Le premier livre que j’ai lu est aussi le plus polémique : le Dégoût. Horacio Castellanos Moya, auteur du Salvador, a été menacé de mort à la parution de ce petit livre, dont le sous-titre est « Thomas Bernhard à San Salvador ». Et c’est vraiment saisissant : on a l’impression de lire du Thomas Bernhard dans un contexte salvadorien. Depuis la parution de ce livre, l’auteur vit au Honduras et toute son œuvre raconte l’histoire de personnages du Salvador, il recrée son pays, il en retrace les tourments et la violence, en suivant des personnages récurrents, que l’on croise d’un livre à l’autre, qui sont parfois des personnages secondaires parfois principaux, parfois seulement évoqués, un peu comme une Comédie humaine d’Amérique centrale. Ne lire qu’un seul de ses livres est un moment plaisant, mais les lire tous, c’est comme rassembler les pièces d’un immense puzzle. Jouissif.

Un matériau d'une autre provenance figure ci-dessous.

Lemma slice_bt_act c x p : slice p (bt_act c x) = idpi c *m slice p x.
Proof.
apply/matrixP => r z; rewrite ord1 !mxE ffunE summxE.
under [RHS]eq_bigr do rewrite idpiE !mxE.
rewrite (sum_pidx (fun j l => c (pidx r).1 j l (pidx r).2 * x j p l)).
by apply: eq_bigr => j _; rewrite mxE; apply: eq_bigr => l _; rewrite mulrC.
Qed.

Lemma ipM_slice x y p q : ipM x y p q = (adjmx (slice q x) *m slice p y) 0 0.
Proof.
rewrite summxE mxE; under [RHS]eq_bigr do rewrite !mxE.
rewrite (sum_pidx (fun j l => (x j q l)^* * y j p l)).
by apply: eq_bigr => j _; rewrite mxE; apply: eq_bigr => l _; rewrite !mxE mulrC.
Qed.

Lemma slice0 p : slice p 0 = 0.
Proof. by apply/matrixP => r z; rewrite !mxE ffunE mxE. Qed.

Lemma unslice0 q : unslice q 0 = 0.
Proof. by apply/ffunP => i; apply/matrixP => a l; rewrite !ffunE !mxE; case: eqP. Qed.

Lemma ipM0r (x : MPhi C n m) : ipM x 0 = 0.
Proof. by rewrite /ipM big1 // => i _; rewrite ffunE /opmul mul0mx. Qed.

Lemma ipM0l (x : MPhi C n m) : ipM 0 x = 0.
Proof. by rewrite /ipM big1 // => i _; rewrite ffunE adjmx0 /opmul mulmx0. Qed.

Lemma bt_act0 (c : BT C n m) : bt_act c 0 = 0.
Proof.
apply/ffunP => i; rewrite !ffunE big1 // => j _.
by rewrite ffunE /opmul mul0mx.
Qed.

Lemma ipM_adj (x y : MPhi C n m) : ipM x y = adjmx (ipM y x).
Proof.
apply/matrixP => p q; rewrite adjmxE !ipM_slice -adjmxE.
by rewrite adjmxM adjmxK.
Qed.

Lemma bt_act_unslice c q u : bt_act c (unslice q u) = unslice q (idpi c *m u).
Proof.
apply: slice_inj => p; rewrite slice_bt_act !slice_unslice.
by case: eqP; rewrite ?mulmx0.
Qed.

Lemma bt_actM c d x :
  bt_act c (bt_act d x) = bt_act (unidpi (idpi c *m idpi d)) x.
Proof. by apply: slice_inj => p; rewrite !slice_bt_act unidpiK mulmxA. Qed.

Lemma ipM_bt_act c x y :
  ipM (bt_act c x) y = ipM x (bt_act (unidpi (adjmx (idpi c))) y).
Proof.
by apply/matrixP => p q; rewrite !ipM_slice !slice_bt_act unidpiK adjmxM mulmxA.
Qed.

Lemma idpi_adj_of_sym (c : BT C n m) :
  (forall x y, ipM (bt_act c x) y = ipM x (bt_act c y)) ->
  adjmx (idpi c) = idpi c.
Proof.
move=> sym_c; apply/matrixP => a b; set p := (pidx a).2.
have /matrixP/(_ p p) := sym_c (unslice p (delta_mx a 0)) (unslice p (delta_mx b 0)).
rewrite !ipM_slice !slice_bt_act !slice_unslice eqxx.
by rewrite adjmxM -mulmxA !adjmx_delta_mulmx.
Qed.

End Coordinates.

Section Stinespring.
Variables (C : numClosedFieldType) (n m : nat) (Phi : 'M[C]_n -> 'M[C]_m).
Variables (E : HilbModOp C m) (W : MPhi C n m -> E) (Wadj : E -> MPhi C n m).
Hypothesis stW : stinespring Phi W Wadj.
Local Notation P := (idpi (CPhi Phi)).

Let ipW : forall x y, hm_ip (W x) y = ipM x (Wadj y) := stW.1.
Let Wadj_W : forall x, Wadj (W x) = bt_act (CPhi Phi) x := stW.2.

Lemma stinespring_W0 : W 0 = 0.
Proof. by apply: hm_ip_def; rewrite ipW ipM0l. Qed.

Lemma stinespring_Wadj0 : Wadj 0 = 0.
Proof. by rewrite -stinespring_W0 Wadj_W bt_act0. Qed.

Lemma stinespring_ker q u : P *m u = 0 -> W (unslice q u) = 0.
Proof.
move=> Pu; apply: hm_ip_def.
by rewrite ipW Wadj_W bt_act_unslice Pu unslice0 ipM0r.
Qed.

Lemma stinespring_perp p (u : 'cV[C]_(n * m)) e :
  P *m u = 0 -> adjmx u *m slice p (Wadj e) = 0.
Proof.
move=> Pu; have /matrixP/(_ p p) := ipW (unslice p u) e.
rewrite stinespring_ker // hm_ip0l ipM_slice slice_unslice eqxx mxE => h.
by apply/matrixP => i j; rewrite !ord1 -h mxE.
Qed.

Lemma stinespring_adj : adjmx P = P.
Proof.
apply: idpi_adj_of_sym => x y.
by rewrite ipM_adj -!Wadj_W -!ipW -hm_ip_adj.
Qed.

Lemma Stilde_sandwich c : in_Stilde W Wadj c -> exists Z, idpi c = P *m Z *m P.
Proof.
case=> T [adjT WTW].
have Y_slice p v : idpi c *m v = slice p (Wadj (T (W (unslice p v)))).
  by rewrite WTW slice_bt_act slice_unslice eqxx.
apply: sandwich_of_ker => [u Pu | u uP].
  apply/matrixP => r z; rewrite (Y_slice (pidx r).2) stinespring_ker //.
  by rewrite (adjointable0 adjT) stinespring_Wadj0 slice0.
have Pu : P *m adjmx u = 0 by rewrite -stinespring_adj -adjmxM uP adjmx0.
apply/matrixP => i j; set e := T (W (unslice (pidx j).2 (delta_mx j 0))).
have /matrixP/(_ 0 0) := stinespring_perp (pidx j).2 e Pu.
by rewrite adjmxK -Y_slice mulmxA -colE !ord1 !mxE.
Qed.

Lemma sandwich_Stilde Z : in_Stilde W Wadj (unidpi (P *m Z *m P)).
Proof.
exists (fun e => W (bt_act (unidpi Z) (Wadj e))); split.
  exists (fun e => W (bt_act (unidpi (adjmx Z)) (Wadj e))) => x y.
  by rewrite ipW ipM_bt_act unidpiK hm_ip_adj ipW -ipM_adj.
by move=> x; rewrite !Wadj_W !bt_actM !unidpiK.
Qed.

Le jour de la rencontre vint. J’étais très enthousiaste et stressé. J’avais préparé mes questions que j’avais envoyées à l’interprète pour qu’elle les travaille de son côté. Tout était prêt. La rencontre se déroula dans la librairie qui était en bas de chez moi, la librairie chez qui j’avais commandé tous mes livres. Cela m’avait rassuré, j’étais en terrain connu.

Tout se passa très bien, le public était content, et l’ambiance avait été bonne. Mais à un moment, j’ai posé une question, anodine pour moi, qui gêna l’auteur. Au fil de ma lecture de ses œuvres, je me rendais bien compte que l’alcool était très présent, et même l’alcoolisme des personnages était une réalité dramatique, un ressort naratif omniprésent. Les foies souffrent beaucoup et ce sont les corps qui chavirent. Horacio Castellanos Moya me regarda interloqué. « Vous dites que mon peuple est truffé d’ivrognes ? » Je n’avais rien insinué. Au contraire, je m’interrogeais sur la présence réelle de l’alcool dans la société salvadorienne, par rapport à ce qu’il rapportait dans ses livres. Il ne voulut pas répondre. Ce n’était pas vraiment un sujet. L’entretien se poursuivit ensuite sur un ton badin.

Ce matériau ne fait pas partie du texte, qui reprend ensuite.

(* Let $q$ be a prime power, $n\ge2$, and $s$ an odd positive integer with $\gcd(s,n)=1$. If $n$ and $d$ have opposite parity and $1\le d\le n-1$, then the code $$\mathcal{H}_{n,d,s}=\Big\{\sum_{j=1}^{\frac{n-d+1}{2}}\Big((b_jx)^{q^{2s(n-j+1)}}+b_j^{q^s}x^{q^{2sj}}\Big): b_1,\dots,b_{\frac{n-d+1}{2}}\in\mathbb{F}_{q^{2n}}\Big\}$$ is an $(n-d+1)$-design. If $n$ and $d$ are both odd with $1\le d\le n-1$, then the code $$\mathcal{E}_{n,d,s}=\Big\{(b_0x)^{q^{s(n+1)}}+\sum_{j=1}^{\frac{n-d}{2}}\Big((b_jx)^{q^{s(n+2j+1)}}+b_j^{q^s}x^{q^{s(n-2j+1)}}\Big): b_0\in\mathbb{F}_{q^n},\ b_1,\dots,b_{\frac{n-d}{2}}\in\mathbb{F}_{q^{2n}}\Big\}$$ is an $(n-d+1)$-design.
   Context: Polynomials are $\mathbb{F}_{q^2}$-linearized polynomials over $\mathbb{F}_{q^{2n}}$ taken modulo $x^{q^{2n}}-x$, i.e. elements of $\mathcal{L}_{n,q^2}=\{\sum_{i=0}^{n-1}a_ix^{q^{2i}}:a_i\in\mathbb{F}_{q^{2n}}\}$, viewed as $\mathbb{F}_{q^2}$-linear maps $\mathbb{F}_{q^{2n}}\to\mathbb{F}_{q^{2n}}$; the rank of $f$ is $\dim_{\mathbb{F}_{q^2}}$ of its image. The paper models Hermitian forms of order $n$ over $\mathbb{F}_{q^2}$ by the set $\mathcal{H}_n(q^2)=\{\sum_{i=0}^{n-1}c_ix^{q^{2i}}: c_{n-i+1}=c_i^{q^{2n-2i+1}},\ i\in\{0,\dots,n-1\}\}$ (indices modulo $n$), which is $\mathbb{F}_q$-linearly and rank-preservingly identified with the set $\mathrm{H}_n(q^2)$ of Hermitian $n\times n$ matrices over $\mathbb{F}_{q^2}$. On $\mathcal{H}_n(q^2)$ the pairing is $b(f,g)=\mathrm{Tr}_{q^{2n}/q^2}\big(\sum_{i=0}^{n-1}a_ib_i\big)$ for $f=\sum a_ix^{q^{2i}}$, $g=\sum b_ix^{q^{2i}}$, where $\mathrm{Tr}_{q^{2n}/q^2}(x)=\sum_{i=0}^{n-1}x^{q^{2i}}$; the dual of an additive code $\mathcal{C}$ is $\mathcal{C}^\perp=\{f\in\mathcal{H}_n(q^2): b(f,g)=0\ \forall g\in\mathcal{C}\}$. An additive code $\mathcal{C}$ is a $t$-design if its dual $\mathcal{C}^\perp$ contains no nonzero element of rank in $\{1,\dots,t\}$ (equivalently, in the matrix model, the dual inner distribution satisfies $A'_1=\dots=A'_t=0$). The codes $\mathcal{H}_{n,d,s}$ and $\mathcal{E}_{n,d,s}$ are known (Schmidt) to be maximum $\mathbb{F}_q$-linear Hermitian $d$-codes, i.e. of size $q^{n(n-d+1)}$ with all nonzero elements of rank at least $d$. *)

From HB Require Import structures.
From mathcomp Require Import all_boot all_order all_algebra all_field.
Set Implicit Arguments. Unset Strict Implicit. Unset Printing Implicit Defensive.
Import GRing.Theory.
Local Open Scope ring_scope.

Section Defs.
Variable F : finFieldType.

(* An element of L_{n,q^2} (F = F_{q^{2n}}) is represented by its coefficient
   vector c, standing for  sum_{i<n} c_i x^{q^{2i}}. *)
Definition lpoly (n : nat) := {ffun 'I_n -> F}.

Definition coef (n : nat) (c : lpoly n) (k : nat) : F :=
  match @insub nat (fun m => m < n)%N 'I_n (k %% n)%N with
  | Some i => c i | None => 0 end.

(* The monomial  c x^{q^e}  (e even) reduced modulo x^{q^{2n}} - x, i.e.
   c x^{q^{2 ((e/2) mod n)}}. *)
Definition lterm (n : nat) (c : F) (e : nat) : lpoly n :=
  [ffun i : 'I_n => if (val i == (e %/ 2) %% n)%N then c else 0].

Definition lev (q n : nat) (c : lpoly n) (x : F) : F :=
  \sum_(i < n) c i * x ^+ (q ^ (2 * i)).

Definition limage (q n : nat) (c : lpoly n) : {set F} :=
  [set lev q c x | x : F].

Definition inFq2 (q : nat) (x : F) : Prop := x ^+ (q ^ 2) = x.

Definition is_basis_over (q r : nat) (S : {set F}) (v : 'I_r -> F) : Prop :=
  (forall i, v i \in S) /\
  (forall lam : 'I_r -> F, (forall i, inFq2 q (lam i)) ->
      \sum_(i < r) lam i * v i = 0 -> forall i, lam i = 0) /\
  (forall y, y \in S -> exists lam : 'I_r -> F,
      (forall i, inFq2 q (lam i)) /\ y = \sum_(i < r) lam i * v i).

Definition has_rank (q n : nat) (c : lpoly n) (r : nat) : Prop :=
  exists v : 'I_r -> F, is_basis_over q (limage q c) v.

Definition hermitian (q n : nat) (c : lpoly n) : Prop :=
  forall i : 'I_n, coef c (n - i + 1) = c i ^+ (q ^ (2 * n - 2 * i + 1)).

Definition trace2 (q n : nat) (x : F) : F := \sum_(i < n) x ^+ (q ^ (2 * i)).

Definition bpair (q n : nat) (f g : lpoly n) : F :=
  trace2 q n (\sum_(i < n) f i * g i).

Definition dual (q n : nat) (C : lpoly n -> Prop) (f : lpoly n) : Prop :=
  hermitian q f /\ forall g, C g -> bpair q f g = 0.

Definition t_design (q n : nat) (C : lpoly n -> Prop) (t : nat) : Prop :=
  forall f : lpoly n, dual q C f -> f != 0 ->
    forall r, has_rank q f r -> ~ (1 <= r <= t)%N.

Definition Hcode (q n d s : nat) (f : lpoly n) : Prop :=
  exists b : nat -> F,
    f = \sum_(1 <= j < ((n - d + 1) %/ 2).+1)
          (lterm n (b j ^+ (q ^ (2 * s * (n - j + 1)))) (2 * s * (n - j + 1))
           + lterm n (b j ^+ (q ^ s)) (2 * s * j)).

Definition Ecode (q n d s : nat) (f : lpoly n) : Prop :=
  exists (b0 : F) (b : nat -> F), b0 ^+ (q ^ n) = b0 /\
    f = lterm n (b0 ^+ (q ^ (s * (n + 1)))) (s * (n + 1))
        + \sum_(1 <= j < ((n - d) %/ 2).+1)
          (lterm n (b j ^+ (q ^ (s * (n + 2 * j + 1)))) (s * (n + 2 * j + 1))
           + lterm n (b j ^+ (q ^ s)) (s * (n - 2 * j + 1))).

End Defs.

Definition prime_power (q : nat) : Prop :=
  exists p k : nat, prime p /\ (0 < k)%N /\ q = (p ^ k)%N.

(* The trace form is nondegenerate, also on a pair of terms b^(q^A), b^(q^B) with A even and
   B odd (scale b by an element of F_(q^2) outside F_q) and on F_(q^n) for n odd; hence f
   vanishes at the coefficients of index s*w mod n for n-d+1 consecutive w (only the
   orthogonality of f is used, not that it is hermitian).  Reindexed along the progression
   s*w mod n, f becomes a sigma-linearized polynomial of sigma-degree at most d-2, with
   sigma = x^(q^(2s)), composed with a power of Frobenius.  As gcd(s, n) = 1 the fixed field
   of sigma is F_(q^2), so the kernel of f has at most (q^2)^(d-2) elements and, counting
   F = ker f x im f, the rank of f exceeds n-d+1. *)

From HB Require Import structures.
From mathcomp Require Import all_boot all_order all_algebra all_field.
From mathcomp Require Import perm cyclic zify ring.
Set Implicit Arguments. Unset Strict Implicit. Unset Printing Implicit Defensive.
Import GRing.Theory.
Local Open Scope ring_scope.

Section FiniteFieldCounting.
Variable F : finFieldType.

Lemma card_fixed_expr_le m : (1 < m)%N -> (#|[set x : F | x ^+ m == x]| <= m)%N.
Proof.
move=> m_gt1; pose p : {poly F} := 'X^m - 'X.
have size_p : size p = m.+1 by rewrite size_polyDl ?size_polyXn ?size_polyN ?size_polyX.
have p_neq0 : p != 0 by rewrite -size_poly_eq0 size_p.
rewrite cardE -ltnS -size_p; apply: max_poly_roots p_neq0 _ (enum_uniq _).
by apply/allP=> x; rewrite mem_enum inE /root !hornerE subr_eq0.
Qed.

Lemma card_fixed_expr_ge m : (0 < m)%N -> (m.-1 %| #|F|.-1)%N ->
  (m <= #|[set x : F | x ^+ m == x]|)%N.
Proof.
move=> m_gt0 m_dvd.
have card_gt1 : (1 < #|F|)%N by rewrite (cardD1 0) (cardD1 1) !inE oner_neq0.
have [z z_in z_prim] : exists2 z, z \in enum [set~ (0 : F)] & (#|F|.-1).-primitive_root z.
  apply/hasP/has_prim_root; rewrite ?enum_uniq // -?cardE ?cardsC1 //; first lia.
  apply/allP=> x; rewrite mem_enum in_setC1 unity_rootE => x_neq0.
  by rewrite -(inj_eq (mulfI x_neq0)) -exprS prednK ?expf_card ?mulr1 //; lia.
have z_neq0 : z != 0 by rewrite mem_enum in_setC1 in z_in.
(* The roots are 0 and the (m-1)-th roots of unity z ^+ (K * i), i < m-1. *)
set K := (#|F|.-1 %/ m.-1)%N.
have KmN : (K * m.-1)%N = #|F|.-1 by rewrite divnK.
have K_gt0 : (0 < K)%N by move: KmN card_gt1; rewrite lt0n; case: eqP => // ->; lia.
have uroot_inj : injective (fun i : 'I_m.-1 => z ^+ (K * i)).
  move=> i j /eqP; rewrite (eq_prim_root_expr z_prim) !modn_small.
  - by rewrite eqn_pmul2l // => /eqP/val_inj.
  1,2: by apply: (@leq_trans (K * m.-1) _ _ _ (eq_leq KmN)); rewrite ltn_pmul2l.
rewrite {1}(_ : m = 1 + #|'I_m.-1|)%N; last by rewrite card_ord add1n prednK.
have zero_notin : 0 \notin [set z ^+ (K * i) | i : 'I_m.-1].
  by apply/imsetP=> -[i _ /esym/eqP]; rewrite expf_eq0 (negPf z_neq0) andbF.
rewrite -(card_imset _ uroot_inj) -[1%N]/(nat_of_bool true) -zero_notin -cardsU1.
apply/subset_leq_card/subsetP=> x; rewrite !inE => /predU1P[->|/imsetP[i _ ->]].
  by rewrite expr0n gtn_eqF.
rewrite -exprM; move: (val i) => k.
have -> : (K * k * m = k * #|F|.-1 + K * k)%N by rewrite -KmN; move: m_gt0; clear; nia.
by rewrite exprD mulnC exprM (prim_expr_order z_prim) expr1n mul1r.
Qed.

Lemma card_preimset_le (L : F -> F) (S : {set F}) : {morph L : x y / x - y} ->
  (#|[set x | L x \in S]| <= #|[set x | L x == 0%R]| * #|S|)%N.
Proof.
move=> LB; pose r y := odflt (0 : F) [pick z | L z == y].
have rK x : L (r (L x)) = L x by rewrite /r; case: pickP => [z /eqP //|/(_ x)]; rewrite eqxx.
pose split_ker x := (x - r (L x), L x).
have split_inj : injective split_ker.
  by move=> x y [e1 e2]; rewrite -(subrK (r (L x)) x) e1 e2 subrK.
rewrite -cardsX -(card_imset _ split_inj).
apply/subset_leq_card/subsetP=> w /imsetP[x]; rewrite inE => xS ->.
by rewrite !inE /= LB rK subrr eqxx.
Qed.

Au moment du repas, il y avait une bouteille de vin pour nous quatre (l’auteur, l’interprète, le libraire et moi). Je ne bois pas de vin. Les trois autres se servirent et Horacio refusa de me parler directement pendant tout le repas.

J’avais touché une corde sensible et m’étonnais que personne avant moi ne lui ai posé la question. Mais bon, malgré cette rencontre glaciale, j’ai continué de lire ses livres. Je ne suis pas rancunier.